1. Women’s Health – When liberals speak about “women’s health” in a political context, they aren’t really talking about the health of women. They are actually speaking about abortion. So when someone says, for example, that “It’s time to remove politics from women’s health care”, what they really mean is “Abortion should be legal and immune to the processes of democracy.”

2. Reproductive rights/freedom – Like “women’s health”, this is just another liberal euphemism for abortion.

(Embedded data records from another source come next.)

(* Let $P\subset\mathbb R^d$ be a $d$-polytope, $S$ a simplex facet of $P$, and $\mathcal F,\mathcal N\subseteq\operatorname{adj}(S)$ disjoint with $V_S(\mathcal F,\mathcal N;P)\neq\emptyset$. Then for any two points $v,w\in V_S(\mathcal F,\mathcal N;P)$ the polytopes $\operatorname{conv}(P\cup\{v\})$ and $\operatorname{conv}(P\cup\{w\})$ are combinatorially equivalent.
   Context: For a facet $F$ of $P$ let $H_F=\{x:\langle x,a_F\rangle=\ell_F\}$ be its affine hull, oriented so that $P\subseteq\{x:\langle x,a_F\rangle\geq\ell_F\}$; put $H_F^+=\{x:\langle x,a_F\rangle>\ell_F\}$, $H_F^-=\{x:\langle x,a_F\rangle<\ell_F\}$. $\operatorname{adj}(S)$ is the set of facets sharing a ridge with $S$. A simplex facet is a facet combinatorially equivalent to a $(d-1)$-simplex. $V_S(\mathcal F,\mathcal N;P)$ is the set of points lying in $H_F^-$ for $F\in\mathcal N\cup\{S\}$, in $H_F$ for $F\in\mathcal F$, and in $H_F^+$ for all other facets $F$ of $P$. *)

From HB Require Import structures.
From mathcomp Require Import all_boot all_order all_algebra.
From mathcomp Require Import boolp classical_sets reals.
Set Implicit Arguments. Unset Strict Implicit. Unset Printing Implicit Defensive.
Import Order.TTheory GRing.Theory Num.Theory.
Local Open Scope ring_scope.
Local Open Scope classical_set_scope.

Section Polytopes.
Variables (R : realType) (d : nat).
Local Notation vec := 'rV[R]_d.

Definition dotp (x a : vec) : R := \sum_(i < d) x 0 i * a 0 i.

Definition conv (X : set vec) : set vec :=
  [set x | exists (n : nat) (p : 'I_n -> vec) (lam : 'I_n -> R),
     [/\ forall i, X (p i), forall i, 0 <= lam i,
         \sum_i lam i = 1 & x = \sum_i lam i *: p i]].

Definition aff (X : set vec) : set vec :=
  [set x | exists (n : nat) (p : 'I_n -> vec) (lam : 'I_n -> R),
     [/\ forall i, X (p i), \sum_i lam i = 1 & x = \sum_i lam i *: p i]].

Definition polytope (P : set vec) : Prop :=
  exists V : seq vec, P = conv [set x | x \in V].

Definition aff_indep_in (X : set vec) (n : nat) : Prop :=
  exists p : 'I_n -> vec, (forall i, X (p i)) /\
    forall lam : 'I_n -> R, \sum_i lam i = 0 -> \sum_i lam i *: p i = 0 ->
      forall i, lam i = 0.

(* (affine) dimension of X is k (k = -1 for the empty set) *)
Definition has_dim (X : set vec) (k : int) : Prop :=
  exists n : nat, [/\ k + 1 = n%:Z, aff_indep_in X n & ~ aff_indep_in X n.+1].

Definition valid_ineq (P : set vec) (a : vec) (l : R) : Prop :=
  forall x, P x -> l <= dotp x a.

(* faces of P (including the empty face and P itself) *)
Definition face (P F : set vec) : Prop :=
  exists (a : vec) (l : R), valid_ineq P a l /\ F = [set x | P x /\ dotp x a = l].

Definition facet (P F : set vec) : Prop :=
  [/\ face P F, F <> P & has_dim F (d%:Z - 1)].

Definition ridge (P F : set vec) : Prop := face P F /\ has_dim F (d%:Z - 2).

(* (a,l) describes the affine hull H_F = {x | <x,a> = l} of F, oriented so
   that P lies in {x | <x,a> >= l} *)
Definition facet_hyp (P F : set vec) (a : vec) (l : R) : Prop :=
  [/\ a != 0, valid_ineq P a l & forall x, aff F x <-> dotp x a = l].

Definition in_Hminus (P F : set vec) (x : vec) : Prop :=
  exists a l, facet_hyp P F a l /\ dotp x a < l.
Definition in_H (P F : set vec) (x : vec) : Prop :=
  exists a l, facet_hyp P F a l /\ dotp x a = l.
Definition in_Hplus (P F : set vec) (x : vec) : Prop :=
  exists a l, facet_hyp P F a l /\ l < dotp x a.

Definition adj (P S : set vec) : set (set vec) :=
  [set F | [/\ facet P F, F <> S & ridge P (S `&` F)]].

Definition VS (P S : set vec) (Fs Ns : set (set vec)) : set vec :=
  [set x | [/\ in_Hminus P S x,
              forall F, Ns F -> in_Hminus P F x,
              forall F, Fs F -> in_H P F x &
              forall F, facet P F -> F <> S -> ~ Fs F -> ~ Ns F -> in_Hplus P F x]].

Definition comb_equiv (P Q : set vec) : Prop :=
  exists f : set vec -> set vec,
    [/\ forall F, face P F -> face Q (f F),
        forall G, face Q G -> exists F, face P F /\ f F = G &
        forall F1 F2, face P F1 -> face P F2 -> (F1 `<=` F2 <-> f F1 `<=` f F2)].

Definition std_simplex : set vec :=
  conv [set x | exists i : 'I_d, x = delta_mx 0 i].

Definition simplex_facet (P S : set vec) : Prop :=
  facet P S /\ comb_equiv S std_simplex.

End Polytopes.

(* Faces of [conv (P `|` [set v])] are cut out by valid affine forms, and
   such a face is determined by its trace on [P] together with whether it
   contains the apex [v].  A valid form of [P] that is nonnegative at [v] can be
   modified, without changing the set of vertices of [P] on which it vanishes,
   into one that is nonnegative at [w] and vanishes at [w] exactly when the
   original vanishes at [v]: rotating a valid form about its zero set until it
   defines a facet of [P] keeps its sign at a given point, and the sign of a
   facet form at [w] equals its sign at [v] because [v] and [w] lie in the same
   cell [V_S] of the arrangement of facet hyperplanes.  This matches the faces
   of the two polytopes, preserving traces and apexes, hence inclusions. *)

From HB Require Import structures.
From mathcomp Require Import all_boot all_order all_algebra.
From mathcomp Require Import boolp classical_sets reals.
From mathcomp Require Import ring lra zify.
Import Order.TTheory GRing.Theory Num.Theory.
Set Implicit Arguments. Unset Strict Implicit. Unset Printing Implicit Defensive.
Local Open Scope ring_scope.
Local Open Scope classical_set_scope.

Lemma exists_neq0_of_sum1 (F : nzRingType) m (lam : 'I_m -> F) :
  \sum_i lam i = 1 -> exists i, lam i != 0.
Proof.
move=> lam1; apply/not_existsP => lam0.
suff : \sum_i lam i = 0 by rewrite lam1 => /eqP; rewrite oner_eq0.
by apply: big1 => i _; apply/eqP/negPn/negP/lam0.
Qed.

Section InnerProduct.
Variables (R : realType) (d : nat).
Implicit Types (c : R) (x y a : 'rV[R]_d).

Lemma dotpDl x y a : dotp (x + y) a = dotp x a + dotp y a.
Proof. by rewrite /dotp -big_split; apply: eq_bigr => i _; rewrite mxE mulrDl. Qed.

Lemma dotpZl c x a : dotp (c *: x) a = c * dotp x a.
Proof. by rewrite /dotp mulr_sumr; apply: eq_bigr => i _; rewrite mxE mulrA. Qed.

Lemma dotp0l a : dotp 0 a = 0.
Proof. by rewrite /dotp big1 // => i _; rewrite mxE mul0r. Qed.

Lemma dotp0r x : dotp x 0 = 0.
Proof. by rewrite /dotp big1 // => i _; rewrite mxE mulr0. Qed.

Lemma dotp_suml n (lam : 'I_n -> R) (q : 'I_n -> 'rV[R]_d) a :
  dotp (\sum_i lam i *: q i) a = \sum_i lam i * dotp (q i) a.
Proof.
rewrite (big_morph (fun x => dotp x a) (fun x y => dotpDl x y a) (dotp0l a)).
by apply: eq_bigr => i _; rewrite dotpZl.
Qed.

Lemma mulmx_tr_dotp x a : x *m a^T = (dotp x a)%:M.
Proof.
rewrite [LHS]mx11_scalar; congr (_ %:M).
by rewrite !mxE /dotp; apply: eq_bigr => i _; rewrite mxE.
Qed.

End InnerProduct.

Section ConvexHull.
Variables (R : realType) (d : nat).
Local Notation vec := 'rV[R]_d.
Implicit Types (X Y : set vec) (s : seq vec).

Definition conv_seq s : set vec :=
  [set x | exists lam : 'I_(size s) -> R,
     [/\ forall i, 0 <= lam i, \sum_i lam i = 1 & x = \sum_i lam i *: s`_i]].

Lemma sub_conv X : X `<=` conv X.
Proof.
move=> x Xx; exists 1%N, (fun _ => x), (fun _ => 1).
by split; rewrite // big_ord1 ?scale1r.
Qed.

Lemma conv_mono X Y : X `<=` Y -> conv X `<=` conv Y.
Proof.
by move=> XY x [m [q [lam [Xq ? ? ->]]]]; exists m, q, lam; split => // i; apply: XY.
Qed.

Lemma valid_ineq_conv X a l :
  (forall x, X x -> l <= dotp x a) -> valid_ineq (conv X) a l.
Proof.
move=> lX x [m [q [lam [Xq lam_ge0 lam1 ->]]]]; rewrite dotp_suml.
rewrite -[l]mul1r -lam1 mulr_suml.
by apply: ler_sum => i _; apply: ler_wpM2l => //; apply: lX.
Qed.

Lemma conv_seq_nth s (i : 'I_(size s)) : conv_seq s s`_i.
Proof.
exists (fun j => (j == i)%:R); split => [j||]; first exact: ler0n.
- by rewrite (bigD1 i) //= big1 ?addr0 ?eqxx // => j /negPf ->.
- by rewrite (bigD1 i) //= big1 ?addr0 ?eqxx ?scale1r // => j /negPf ->; rewrite scale0r.
Qed.

Lemma conv_seq_sub_conv s X : (forall i : 'I_(size s), X s`_i) -> conv_seq s `<=` conv X.
Proof. by move=> Xs x [lam [? ? ->]]; exists (size s), (fun i => s`_i), lam. Qed.

Lemma conv_sub_conv_seq s X : X `<=` conv_seq s -> conv X `<=` conv_seq s.
Proof.
move=> Xs x [m [q [lam [Xq lam_ge0 lam1 ->]]]].
have /choice [mu mu_q] i : exists mu : 'I_(size s) -> R,
    [/\ forall j, 0 <= mu j, \sum_j mu j = 1 & q i = \sum_j mu j *: s`_j].
  by have [mu ?] := Xs _ (Xq i); exists mu.
exists (fun j => \sum_i lam i * mu i j); split => [j||].
- by apply: sumr_ge0 => i _; apply: mulr_ge0 => //; case: (mu_q i).
- rewrite exchange_big /= -lam1; apply: eq_bigr => i _.
  by rewrite -mulr_sumr; case: (mu_q i) => _ -> _; rewrite mulr1.
- have qE i : q i = \sum_j mu i j *: s`_j by case: (mu_q i).
  under eq_bigr => i _ do rewrite qE scaler_sumr.
  rewrite exchange_big /=; apply: eq_bigr => j _.
  by rewrite scaler_suml; apply: eq_bigr => i _; rewrite scalerA.
Qed.

Lemma conv_seqE s : conv [set x | x \in s] = conv_seq s.
Proof.
apply/seteqP; split; last by apply: conv_seq_sub_conv => i /=; apply: mem_nth.
apply: conv_sub_conv_seq => x /= xs; rewrite -(nth_index 0 xs).
by have := xs; rewrite -index_mem => ltis; apply: (conv_seq_nth (Ordinal ltis)).
Qed.

Lemma conv_seq_cons s v : conv (conv_seq s `|` [set v]) = conv_seq (v :: s).
Proof.
apply/seteqP; split.
- apply: conv_sub_conv_seq => x [[lam [lam_ge0 lam1 ->]]|->]; last first.
    exact: (conv_seq_nth (s := v :: s) ord0).
  exists (fun j : 'I_(size s).+1 => if unlift ord0 j is Some k then lam k else 0).
  split => [j||]; first by case: unliftP.
  + by rewrite big_ord_recl unlift_none add0r; under eq_bigr => i _ do rewrite liftK.
  + rewrite big_ord_recl unlift_none scale0r add0r.
    by apply: eq_bigr => i _; rewrite liftK.
- apply: conv_seq_sub_conv => -[[|i] lti] /=; first by right.
  by left; apply: (conv_seq_nth (Ordinal (lti : i < size s)%N)).
Qed.

Lemma aff_dotp_eq (G : set vec) a k y :
  (forall g, G g -> dotp g a = k) -> aff G y -> dotp y a = k.
Proof.
move=> Gk [m [q [lam [Gq lam1 ->]]]]; rewrite dotp_suml.
under eq_bigr => i _ do rewrite Gk //.
by rewrite -mulr_suml lam1 mul1r.
Qed.

Lemma conv_comb_dotp_eq m (lam : 'I_m -> R) (q : 'I_m -> vec) c k :
  (forall i, 0 <= lam i) -> \sum_i lam i = 1 -> (forall i, k <= dotp (q i) c) ->
  dotp (\sum_i lam i *: q i) c = k -> forall i, lam i != 0 -> dotp (q i) c = k.
Proof.
move=> lam_ge0 lam1 qk; rewrite dotp_suml => sum_k.
have /eqP : \sum_i lam i * (dotp (q i) c - k) = 0.
  under eq_bigr => i _ do rewrite mulrBr.
  by rewrite sumrB sum_k -mulr_suml lam1 mul1r subrr.
rewrite psumr_eq0 => [/allP lam_q i lam_i|i _]; last by rewrite mulr_ge0 ?subr_ge0.
have /implyP := lam_q i (mem_index_enum _).
by rewrite mulf_eq0 (negPf lam_i) subr_eq0 => /(_ isT) /eqP.
Qed.

End ConvexHull.

Lemma mxrank_ker_cV (F : fieldType) m (z : 'cV[F]_m) :
  z != 0 -> \rank (kermx z) = (m - 1)%N.
Proof.
move=> z_neq0; rewrite mxrank_ker; congr (_ - _)%N.
by apply/eqP; rewrite eqn_leq rank_leq_col lt0n mxrank_eq0 z_neq0.
Qed.

(* The affine function [x |-> <x, a> - k] is encoded by the column vector
   [(a^T; -k)], so that its value at [x] is [homog x *m z]: the affine algebra
   of forms becomes matrix algebra in dimension [d + 1]. *)
Section AffineForms.
Variables (R : realType) (d : nat).
Local Notation vec := 'rV[R]_d.
Local Notation form := 'cV[R]_(d + 1).
Implicit Types (x y a : vec) (z : form).

Definition homog x : 'rV[R]_(d + 1) := row_mx x 1%:M.
Definition aform a (k : R) : form := col_mx a^T (- k%:M).
Definition aval z x : R := (homog x *m z) 0 0.
Definition anormal z : vec := (usubmx z)^T.
Definition aoffset z : R := - dsubmx z 0 0.

Lemma aval_aform a k x : aval (aform a k) x = dotp x a - k.
Proof.
rewrite /aval /homog /aform mul_row_col mulmx_tr_dotp mul1mx.
by rewrite !mxE !eqxx /= mulr1n.
Qed.

Lemma aformK z : aform (anormal z) (aoffset z) = z.
Proof.
rewrite /aform /anormal /aoffset trmxK -[RHS](vsubmxK z); congr col_mx.
by apply/matrixP => i j; rewrite !ord1 !mxE eqxx mulr1n opprK.
Qed.

Lemma avalE z x : aval z x = dotp x (anormal z) - aoffset z.
Proof. by rewrite -{1}(aformK z) aval_aform. Qed.

Lemma aform_neq0 a k : a != 0 -> aform a k != 0.
Proof. by move=> a_neq0; rewrite col_mx_eq0 negb_and trmx_eq0 a_neq0. Qed.

Lemma aval0 x : aval 0 x = 0.
Proof. by rewrite /aval mulmx0 mxE. Qed.

Lemma avalD z1 z2 x : aval (z1 + z2) x = aval z1 x + aval z2 x.
Proof. by rewrite /aval mulmxDr mxE. Qed.

Lemma avalZ c z x : aval (c *: z) x = c * aval z x.
Proof. by rewrite /aval -scalemxAr mxE. Qed.

Lemma aval_one x : aval (aform 0 (-1)) x = 1.
Proof. by rewrite aval_aform dotp0r sub0r opprK. Qed.

Lemma aval_affine z n (lam : 'I_n -> R) (q : 'I_n -> vec) :
  \sum_i lam i = 1 -> aval z (\sum_i lam i *: q i) = \sum_i lam i * aval z (q i).
Proof.
move=> lam1; rewrite !avalE dotp_suml.
under [RHS]eq_bigr => i _ do rewrite avalE mulrBr.
by rewrite sumrB -mulr_suml lam1 mul1r.
Qed.

Lemma aval_affine2 z (s t : R) x y : s + t = 1 ->
  aval z (s *: x + t *: y) = s * aval z x + t * aval z y.
Proof.
move=> st1; rewrite !avalE dotpDl !dotpZl.
have -> : s = 1 - t by rewrite -st1 addrK.
ring.
Qed.

Lemma aval_eq0P z x :
  aval z x = 0 <-> dotp x (anormal z) = aoffset z.
Proof. by rewrite avalE; split => [/eqP|->]; rewrite ?subrr // subr_eq0 => /eqP. Qed.

Lemma homog_mul_eq0 z x : (homog x *m z == 0) = (aval z x == 0).
Proof.
apply/eqP/eqP => [xz0|zx0]; first by rewrite /aval xz0 mxE.
by apply/matrixP => i j; rewrite !ord1 [LHS]zx0 mxE.
Qed.

Lemma mul_homog_mx m (u : 'rV[R]_m) (c : 'I_m -> R) (q : 'I_m -> vec) :
  u *m (\matrix_i (c i *: homog (q i))) =
  row_mx (\sum_i (u 0 i * c i) *: q i) ((\sum_i u 0 i * c i)%:M).
Proof.
rewrite mulmx_sum_row.
under eq_bigr => i _ do rewrite rowK scalerA /homog scale_row_mx scalemx1.
elim/big_rec3: _ => [|i A B C _ ->]; first by rewrite raddf0 row_mx0.
by rewrite add_row_mx raddfD.
Qed.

Which is a bit bizarre if you think about it, because, if one did not already possess the freedom/right to reproduce, how could one possibly be in a position to need/want an abortion?

3. Marriage Equality – We’ve talked about this one extensively here at ATiM in the past. “Marriage equality” actually has nothing do with equal rights to marry, as liberals try to deceive us into believing, but is instead a call for changing the very definition of marriage from what it has always been to something new such that it can encompass homosexual relationships. Throughout US history homosexuals have always had the very same right to marry someone of the opposite sex that heterosexuals have had. But what they want is a new right, namely the right to “marry” someone of the same sex. Since, due to the very meaning of the term “marriage”, no one, not even heterosexuals, has ever had that right ever before in the US, what they want is not “equality” but rather a new conception of the notion of marriage.

4. War on (fill in the blank) – When liberals say that someone is engaging in a War on X, they don’t mean that one is literally or even figuratively waging a war on X. They simply mean that the person disagrees with them over some political issue that is really important to them. And often the issue isn’t even related to X. For example, the War on Women usually refers to just advocacy for stricter abortion laws. When Obama spoke of Bush’s War on Science, what he really meant was that he had a moral/ethical disagreement with regard to what the government should be funding.

5. Deny – The other day, following SCOTUS’ Hobby Lobby decision, Democrat Elizabeth Warren characterized the decision as giving corporations the power to “deny their employees access to birth control.” Of course the court gave no such power to “deny access” to anything at all. What she actually meant was that the court recognized that certain corporation owners have the right not to have to pay for certain kinds of birth control that are, nonetheless, still legally accessible to their employees. And this is not an isolated instance of such an idiosyncratic use of the term “deny” by liberals. For example, if one thinks that the government shouldn’t dictate what an employer has to pay employees, then one wants to “deny equal pay to women”.

6. invest/subsidize – Liberals often use the word “investment” when what they actually mean is “subsidy”, and then they use “subsidize” when what they actually mean is “not force to pay more money”. So when the government gives money or guarantees to companies like Solyndra and Tesla, it is “investing”, but when doesn’t raise the minimum wage, it is “subsidizing” corporations.